Segment Start: Exercise materials

(* Let $k,l$ be positive integers and let $f(s,u)=\sum_{m=k}^\infty\sum_{n=l}^\infty a_{m,n}m^{-s}n^{-u}$ be a double Dirichlet series that is absolutely convergent on $\mathbb H_{\rho_1}\times\mathbb H_{\rho_2}$ for some $\rho_1,\rho_2\in\mathbb R$. If $r>\max\{\rho_1,\rho_2\}$, then there exist positive constants $C_r,D_r$ such that for all $s,u\in\mathbb H_r$: $$|k^sl^uf(s,u)-a_{k,l}|\le C_r\Big(\frac{l^{\Re u}}{(l+1)^{\Re u-r}}+\frac{k^{\Re s}}{(k+1)^{\Re s-r}}+\frac{k^{\Re s}l^{\Re u}}{(k+1)^{\Re s-r}(l+1)^{\Re u-r}}\Big),$$ $$\Big|l^uf(s,u)-\sum_{m=k}^\infty a_{m,l}m^{-s}\Big|\le D_r\Big(\frac{l^{\Re u}}{(l+1)^{\Re u-r}}+\frac{k^{\Re s}l^{\Re u}}{(k+1)^{\Re s-r}(l+1)^{\Re u-r}}\Big).$$
   Context: $\mathbb H_\rho=\{s\in\mathbb C:\Re s>\rho\}$. *)

From Stdlib Require Import Reals.
From Coquelicot Require Import Coquelicot.
Open Scope R_scope.

(* n^s = exp(s log n) for a positive integer n and complex s *)
Definition cpow (n : nat) (s : C) : C :=
  (exp (Re s * ln (INR n)) * cos (Im s * ln (INR n)),
   exp (Re s * ln (INR n)) * sin (Im s * ln (INR n))).

Definition CSeries (a : nat -> C) : C :=
  (Series (fun n => Re (a n)), Series (fun n => Im (a n))).

(* Absolute convergence of sum_{m>=k} sum_{n>=l} a m n m^{-s} n^{-u}
   on H_rho1 x H_rho2: the (nonnegative) partial sums over all finite
   rectangles of |a m n| m^{-Re s} n^{-Re u} are bounded. *)
Definition dd_abs_conv (a : nat -> nat -> C) (k l : nat) (rho1 rho2 : R) : Prop :=
  forall s u : C, Re s > rho1 -> Re u > rho2 ->
  exists M : R, forall M1 N1 : nat,
    sum_f_R0 (fun i => sum_f_R0 (fun j =>
      Cmod (a (i + k)%nat (j + l)%nat)
      * Rpower (INR (i + k)) (- Re s) * Rpower (INR (j + l)) (- Re u)) N1) M1 <= M.

(* f(s,u) = sum_{m>=k} sum_{n>=l} a m n m^{-s} n^{-u} (iterated sum; equal to
   the double sum under absolute convergence) *)
Definition ddseries (a : nat -> nat -> C) (k l : nat) (s u : C) : C :=
  CSeries (fun i => CSeries (fun j =>
    (a (i + k)%nat (j + l)%nat * cpow (i + k) (- s) * cpow (j + l) (- u))%C)).

Definition drow (a : nat -> nat -> C) (k l : nat) (s : C) : C :=
  CSeries (fun i => (a (i + k)%nat l * cpow (i + k) (- s))%C).

(* Let b i j = |a (k+i) (l+j)| (k+i)^-r (l+j)^-r.  Absolute convergence at s = u = r
   bounds every rectangle sum of b by some M; a double series whose terms are at most
   c * b i j in modulus then has modulus at most c * M.  For Re s, Re u > r, the term
   (i, j) of k^s l^u f(s, u) has modulus w_k(k+i) w_l(l+j) b i j, where
   w_k(m) = k^(Re s) m^(r - Re s) equals k^r for m = k and is at most
   k^(Re s) / (k+1)^(Re s - r) for m > k.  The term (0, 0) is a k l, so removing it
   gives the first estimate; multiplying by k^-s and removing the column j = 0, whose
   sum is the single series, gives the second. *)

From Stdlib Require Import Reals Lra Lia.
From Coquelicot Require Import Coquelicot.
Open Scope R_scope.

Lemma nonneg_series_bounded (a : nat -> R) (M : R) :
  (forall n, 0 <= a n) -> (forall N, sum_f_R0 a N <= M) ->
  ex_series a /\ Series a <= M.
Proof.
  intros a_ge0 a_bounded.
  destruct (growing_cv (fun N => sum_f_R0 a N)) as [L HL].
  - intro n; simpl; specialize (a_ge0 (S n)); lra.
  - exists M; intros x [n ->]; apply a_bounded.
  - split; [exists L; now apply is_series_Reals|].
    rewrite (is_series_unique a L) by now apply is_series_Reals.
    apply (Rle_cv_lim (Vn := fun _ => M) a_bounded HL).
    apply is_lim_seq_Reals, is_lim_seq_const.
Qed.

Lemma Series_zero_tail (a : nat -> R) : (forall n, a (S n) = 0) -> Series a = a 0%nat.
Proof.
  intro a_zero. apply is_series_unique, is_series_Reals.
  intros eps Heps; exists 0%nat; intros n _.
  replace (sum_f_R0 a n) with (a 0%nat).
  - unfold R_dist; rewrite Rminus_diag, Rabs_R0; lra.
  - induction n as [|n IH]; simpl in *; [reflexivity|]. rewrite a_zero, <- IH; ring.
Qed.

Lemma Series_ge0 (a : nat -> R) : (forall n, 0 <= a n) -> ex_series a -> 0 <= Series a.
Proof.
  intros a_ge0 a_ex. rewrite <- (Series_zero_tail (fun _ => 0)) by reflexivity.
  apply Series_le; trivial. intro n; split; [lra | apply a_ge0].
Qed.

Lemma is_series_sum_f_R0 (a : nat -> nat -> R) (N : nat) :
  (forall i, ex_series (a i)) ->
  is_series (fun j => sum_f_R0 (fun i => a i j) N) (sum_f_R0 (fun i => Series (a i)) N).
Proof.
  intro rows. induction N as [|N IH]; simpl.
  - apply Series_correct, rows.
  - apply (is_series_plus _ _ _ _ IH), Series_correct, rows.
Qed.

Lemma sum_f_R0_swap (a : nat -> nat -> R) (m n : nat) :
  sum_f_R0 (fun i => sum_f_R0 (a i) n) m = sum_f_R0 (fun j => sum_f_R0 (fun i => a i j) m) n.
Proof.
  induction m as [|m IH]; simpl; [reflexivity|]. rewrite IH, plus_sum. reflexivity.
Qed.

Definition ex_CSeries (w : nat -> C) : Prop :=
  ex_series (fun n => Re (w n)) /\ ex_series (fun n => Im (w n)).

Definition delta0 (x : C) (n : nat) : C :=
  match n with O => x | S _ => 0%C end.

Lemma Cminus_diag (x : C) : (x - x = 0)%C.
Proof. ring. Qed.

Lemma Cminus_0_r (x : C) : (x - 0 = x)%C.
Proof. ring. Qed.

Lemma im_le_Cmod (c : C) : Rabs (Im c) <= Cmod c.
Proof. eapply Rle_trans; [apply Rmax_r | apply Rmax_Cmod]. Qed.

Lemma ex_CSeries_le (w : nat -> C) (B : nat -> R) :
  (forall n, Cmod (w n) <= B n) -> ex_series B -> ex_CSeries w.
Proof.
  intros w_le_B B_ex.
  split; apply (@ex_series_le R_AbsRing R_CompleteNormedModule _ B); trivial;
    intro n; eapply Rle_trans; try apply w_le_B.
  - apply re_le_Cmod.
  - apply im_le_Cmod.
Qed.

Lemma CSeries_ext (w v : nat -> C) : (forall n, w n = v n) -> CSeries w = CSeries v.
Proof. intro wv. unfold CSeries. f_equal; apply Series_ext; intro n; now rewrite wv. Qed.

Lemma CSeries_scal_l (c : C) (w : nat -> C) :
  ex_CSeries w -> CSeries (fun n => c * w n)%C = (c * CSeries w)%C.
Proof.
  intros [w_re w_im]. unfold CSeries.
  rewrite (Series_ext (fun n => Re (c * w n)%C) (fun n => Re c * Re (w n) - Im c * Im (w n))) by reflexivity.
  rewrite (Series_ext (fun n => Im (c * w n)%C) (fun n => Re c * Im (w n) + Im c * Re (w n))) by reflexivity.
  rewrite Series_minus, Series_plus, !Series_scal_l;
    try exact (ex_series_scal_l _ _ w_re); try exact (ex_series_scal_l _ _ w_im).
  unfold Cmult; simpl. f_equal; ring.
Qed.

Lemma CSeries_minus (w v : nat -> C) :
  ex_CSeries w -> ex_CSeries v -> CSeries (fun n => w n - v n)%C = (CSeries w - CSeries v)%C.
Proof.
  intros [w_re w_im] [v_re v_im]. unfold CSeries.
  rewrite (Series_ext (fun n => Re (w n - v n)%C) (fun n => Re (w n) - Re (v n))) by reflexivity.
  rewrite (Series_ext (fun n => Im (w n - v n)%C) (fun n => Im (w n) - Im (v n))) by reflexivity.
  rewrite !Series_minus by assumption. reflexivity.
Qed.

Lemma CSeries_delta0 (x : C) : CSeries (delta0 x) = x.
Proof. unfold CSeries. rewrite !Series_zero_tail by reflexivity. now destruct x. Qed.

Lemma Cmod_CSeries_le (w : nat -> C) (B : nat -> R) :
  (forall n, Cmod (w n) <= B n) -> ex_series B -> Cmod (CSeries w) <= Series B.
Proof.
  intros w_le_B B_ex. set (z := CSeries w).
  assert (cz_le_B : forall n, Cmod (Cconj z * w n) <= Cmod z * B n).
  { intro n. rewrite Cmod_mult, Cmod_conj.
    apply Rmult_le_compat_l; [apply Cmod_ge_0 | apply w_le_B]. }
  assert (czB_ex : ex_series (fun n => Cmod z * B n)) by exact (ex_series_scal_l _ _ B_ex).
  assert (abs_ex : ex_series (fun n => Rabs (Re (Cconj z * w n)))).
  { apply (@ex_series_le R_AbsRing R_CompleteNormedModule _ _) with (2 := czB_ex).
    intro n. change (Rabs (Rabs (Re (Cconj z * w n)%C)) <= Cmod z * B n).
    rewrite Rabs_Rabsolu. eapply Rle_trans; [apply re_le_Cmod | apply cz_le_B]. }
  (* |z|^2 = Re (conj z * z) = sum_n Re (conj z * w n) <= |z| * sum_n B n *)
  assert (sq_le : Cmod z ^ 2 <= Cmod z * Series B).
  { replace (Cmod z ^ 2) with (Re (Cconj z * z)%C)
      by (rewrite Cmod2_alt; destruct z; simpl; ring).
    unfold z at 2. rewrite <- CSeries_scal_l by exact (ex_CSeries_le w B w_le_B B_ex).
    rewrite <- Series_scal_l. eapply Rle_trans; [apply Rle_abs|].
    eapply Rle_trans; [apply (Series_Rabs _ abs_ex)|].
    apply Series_le; trivial. intro n; split; [apply Rabs_pos|].
    eapply Rle_trans; [apply re_le_Cmod | apply cz_le_B]. }
  assert (SB_ge0 : 0 <= Series B).
  { apply Series_ge0; trivial. intro n. eapply Rle_trans; [apply Cmod_ge_0 | apply w_le_B]. }
  pose proof (Cmod_ge_0 z). nra.
Qed.

Definition CSeries2 (z : nat -> nat -> C) : C := CSeries (fun i => CSeries (z i)).

Section DominatedDoubleSeries.

Variables (b : nat -> nat -> R) (M : R).
Hypothesis b_ge0 : forall i j, 0 <= b i j.
Hypothesis b_rect : forall m n, sum_f_R0 (fun i => sum_f_R0 (b i) n) m <= M.

Lemma ex_series_row (i : nat) : ex_series (b i).
Proof.
  apply (nonneg_series_bounded (b i) M (b_ge0 i)). intro n.
  eapply Rle_trans; [|apply (b_rect i n)].
  destruct i as [|i]; simpl; [lra|].
  assert (0 <= sum_f_R0 (fun i => sum_f_R0 (b i) n) i)
    by (apply cond_pos_sum; intro; apply cond_pos_sum, b_ge0).
  lra.
Qed.

Lemma Series_rows_bounded :
  ex_series (fun i => Series (b i)) /\ Series (fun i => Series (b i)) <= M.
Proof.
  apply nonneg_series_bounded.
  - intro i. apply Series_ge0; [apply b_ge0 | apply ex_series_row].
  - intro m. rewrite <- (is_series_unique _ _ (is_series_sum_f_R0 b m ex_series_row)).
    apply nonneg_series_bounded.
    + intro; apply cond_pos_sum; intro; apply b_ge0.
    + intro n. rewrite <- sum_f_R0_swap. apply b_rect.
Qed.

Definition dominated (z : nat -> nat -> C) : Prop :=
  exists c, 0 <= c /\ forall i j, Cmod (z i j) <= c * b i j.

Lemma dominated_scal_l (x : C) (z : nat -> nat -> C) :
  dominated z -> dominated (fun i j => x * z i j)%C.
Proof.
  intros (c & c_ge0 & z_le). exists (Cmod x * c).
  split; [apply Rmult_le_pos; [apply Cmod_ge_0 | exact c_ge0]|].
  intros i j. rewrite Cmod_mult, Rmult_assoc.
  apply Rmult_le_compat_l; [apply Cmod_ge_0 | apply z_le].
Qed.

Segment End: Exercise materials

**Task to carry out**
Of the lines above, copy each one that contains the word "then".

**Output**
(* Let $k,l$ be positive integers and let $f(s,u)=\sum_{m=k}^\infty\sum_{n=l}^\infty a_{m,n}m^{-s}n^{-u}$ be a double Dirichlet series that is absolutely convergent on $\mathbb H_{\rho_1}\times\mathbb H_{\rho_2}$ for some $\rho_1,\rho_2\in\mathbb R$. If $r>\max\{\rho_1,\rho_2\}$, then there exist positive constants $C_r,D_r$ such that for all $s,u\in\mathbb H_r$: $$|k^sl^uf(s,u)-a_{k,l}|\le C_r\Big(\frac{l^{\Re u}}{(l+1)^{\Re u-r}}+\frac{k^{\Re s}}{(k+1)^{\Re s-r}}+\frac{k^{\Re s}l^{\Re u}}{(k+1)^{\Re s-r}(l+1)^{\Re u-r}}\Big),$$ $$\Big|l^uf(s,u)-\sum_{m=k}^\infty a_{m,l}m^{-s}\Big|\le D_r\Big(\frac{l^{\Re u}}{(l+1)^{\Re u-r}}+\frac{k^{\Re s}l^{\Re u}}{(k+1)^{\Re s-r}(l+1)^{\Re u-r}}\Big).$$
   c * b i j in modulus then has modulus at most c * M.  For Re s, Re u > r, the term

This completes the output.